WORK TASK - Scan the entries and copy each line where the word "exists" is present.

SOURCE INFORMATION -
(* Let $V:S^1\to\mathbb R$ be continuous and odd, $D>0$, and let $f\ge0$ be a ($\mathcal C^2$) stationary solution of (TP) with $\int_{S^1}f=1$. Then $f$ satisfies $D f'=-(V*f)f$ on $S^1$. With $C=\max V/D$, for all $\theta_1,\theta_2\in S^1$, $$f(\theta_1)e^{-C|\theta_1-\theta_2|}\le f(\theta_2)\le f(\theta_1)e^{C|\theta_1-\theta_2|},$$ where $|\theta_1-\theta_2|\le\tfrac12$ is the distance on $S^1$. Consequently $\max f/\min f\le e^{C/2}$, $\max f\le e^{C/2}$ and $\min f\ge e^{-C/2}$. If moreover $V\in\mathcal C^1$, then at any maximum point $\theta_{\max}$ of $f$, $f''(\theta_{\max})\ge-\frac{\max V'}{D}f(\theta_{\max})$, and at any minimum point $\theta_{\min}$, $f''(\theta_{\min})\le-\frac{\min V'}{D}f(\theta_{\min})$.
   Context: $S^1=\mathbb R/\mathbb Z$; $(V*f)(\theta)=\int_{S^1}V(\theta-\psi)f(\psi)d\psi$. Equation (TP): $\partial_tf=D\partial_\theta^2f+\partial_\theta((V*f)f)$. A stationary solution is a time-independent solution, i.e. $Df''+((V*f)f)'=0$. *)

From Stdlib Require Import Reals Lra ClassicalEpsilon.
Open Scope R_scope.

(* Functions on S^1 = R/Z are represented as 1-periodic functions R -> R. *)
Definition periodic1 (g : R -> R) : Prop := forall x, g (x + 1) = g x.

(* Integral over S^1 (i.e. over [0,1]); the Riemann integral when it exists,
   0 otherwise (it always exists for the continuous integrands used here). *)
Definition int_S1 (g : R -> R) : R :=
  match excluded_middle_informative (exists pr : Riemann_integrable g 0 1, True) with
  | left H => RiemannInt (proj1_sig (constructive_indefinite_description _ H))
  | right _ => 0
  end.

Definition conv (V f : R -> R) (theta : R) : R :=
  int_S1 (fun psi => V (theta - psi) * f psi).

Definition dist_S1 (x y : R) : R :=
  Rmin (frac_part (x - y)) (1 - frac_part (x - y)).

Definition is_max_val (g : R -> R) (M : R) : Prop :=
  (forall x, g x <= M) /\ exists x0, g x0 = M.
Definition is_min_val (g : R -> R) (m : R) : Prop :=
  (forall x, m <= g x) /\ exists x0, g x0 = m.

From Stdlib Require Import Reals Lra Lia ZArith ClassicalEpsilon.
From Coquelicot Require Import Coquelicot.
Open Scope R_scope.

(** 1. First integral.  For odd [V], Fubini gives [int (V * f) f = 0]
       (the double integral of [V (x - t) f t f x] is antisymmetric).  Since
       [D f' + (V * f) f] has zero derivative it is constant, and its mean over
       a period is [D (f 1 - f 0) + 0 = 0]; hence [D f' = - (V * f) f].
    2. Harnack.  As [f >= 0] has mass 1, [|V * f| <= max |V| = max V], so
       [|f'| <= C f] with [C = max V / D]; Groenwall on the line, transported
       to S^1 by periodicity, gives [f t2 <= f t1 exp (C dist (t1, t2))].
       With [min f <= 1 <= max f] this bounds the extreme values of [f].
    3. Second order.  At an extremum [f' = 0]; the slopes of [V * f] lie
       between [min V'] and [max V'], and comparing [(V * f) f] with a
       one-sided linear majorant (minorant) bounds [((V * f) f)' = - D f'']. *)

Lemma nonincreasing_of_deriv_nonpos (g g' : R -> R) :
  (forall x, derivable_pt_lim g x (g' x)) -> (forall x, g' x <= 0) ->
  forall a b, a <= b -> g b <= g a.
Proof.
  intros Hd Hneg a b Hab.
  destruct (MVT_gen g a b g') as [c [_ Hc]].
  - intros x _. apply is_derive_Reals, Hd.
  - intros x _. apply derivable_continuous_pt. exists (g' x). apply Hd.
  - specialize (Hneg c). nra.
Qed.

Lemma const_of_deriv_zero (g : R -> R) :
  (forall x, derivable_pt_lim g x 0) -> forall x y, g x = g y.
Proof.
  intros Hd.
  assert (Hmono : forall a b, a <= b -> g b <= g a).
  { apply (nonincreasing_of_deriv_nonpos g (fun _ => 0)); [exact Hd | intros; lra]. }
  assert (Hanti : forall a b, a <= b -> - g b <= - g a).
  { apply (nonincreasing_of_deriv_nonpos (fun x => - g x) (fun _ => 0)); [|intros; lra].
    intros x. rewrite <- Ropp_0. apply derivable_pt_lim_opp, Hd. }
  intros x y. destruct (Rle_dec x y) as [Hxy|Hyx].
  - specialize (Hmono x y Hxy). specialize (Hanti x y Hxy). lra.
  - assert (Hle : y <= x) by lra.
    specialize (Hmono y x Hle). specialize (Hanti y x Hle). lra.
Qed.

Lemma deriv_le_of_le_right (u w : R -> R) x lu lw :
  derivable_pt_lim u x lu -> derivable_pt_lim w x lw ->
  u x = w x -> (forall t, x < t -> u t <= w t) -> lu <= lw.
Proof.
  intros Hu Hw Hx Hle.
  assert (Hd : derivable_pt_lim (fun t => w t - u t) x (lw - lu))
    by (apply (derivable_pt_lim_minus w u); assumption).
  destruct (Rle_dec lu lw) as [|Hlt]; [assumption|]. exfalso.
  destruct (Hd (lu - lw)) as [d Hdd]; [lra|].
  pose proof (cond_pos d) as Hdpos.
  assert (Hq := Hdd (d / 2) ltac:(lra) ltac:(rewrite Rabs_right; lra)).
  assert (Hnn : 0 <= (w (x + d / 2) - u (x + d / 2) - (w x - u x)) / (d / 2)).
  { rewrite Hx, Rminus_diag, Rminus_0_r. apply Rmult_le_pos.
    - specialize (Hle (x + d / 2) ltac:(lra)). lra.
    - apply Rlt_le, Rinv_0_lt_compat. lra. }
  apply Rabs_lt_between' in Hq. lra.
Qed.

YOUR RESPONSE -
(* Integral over S^1 (i.e. over [0,1]); the Riemann integral when it exists,
   0 otherwise (it always exists for the continuous integrands used here). *)
  match excluded_middle_informative (exists pr : Riemann_integrable g 0 1, True) with
  (forall x, g x <= M) /\ exists x0, g x0 = M.
  (forall x, m <= g x) /\ exists x0, g x0 = m.
  - intros x _. apply derivable_continuous_pt. exists (g' x). apply Hd.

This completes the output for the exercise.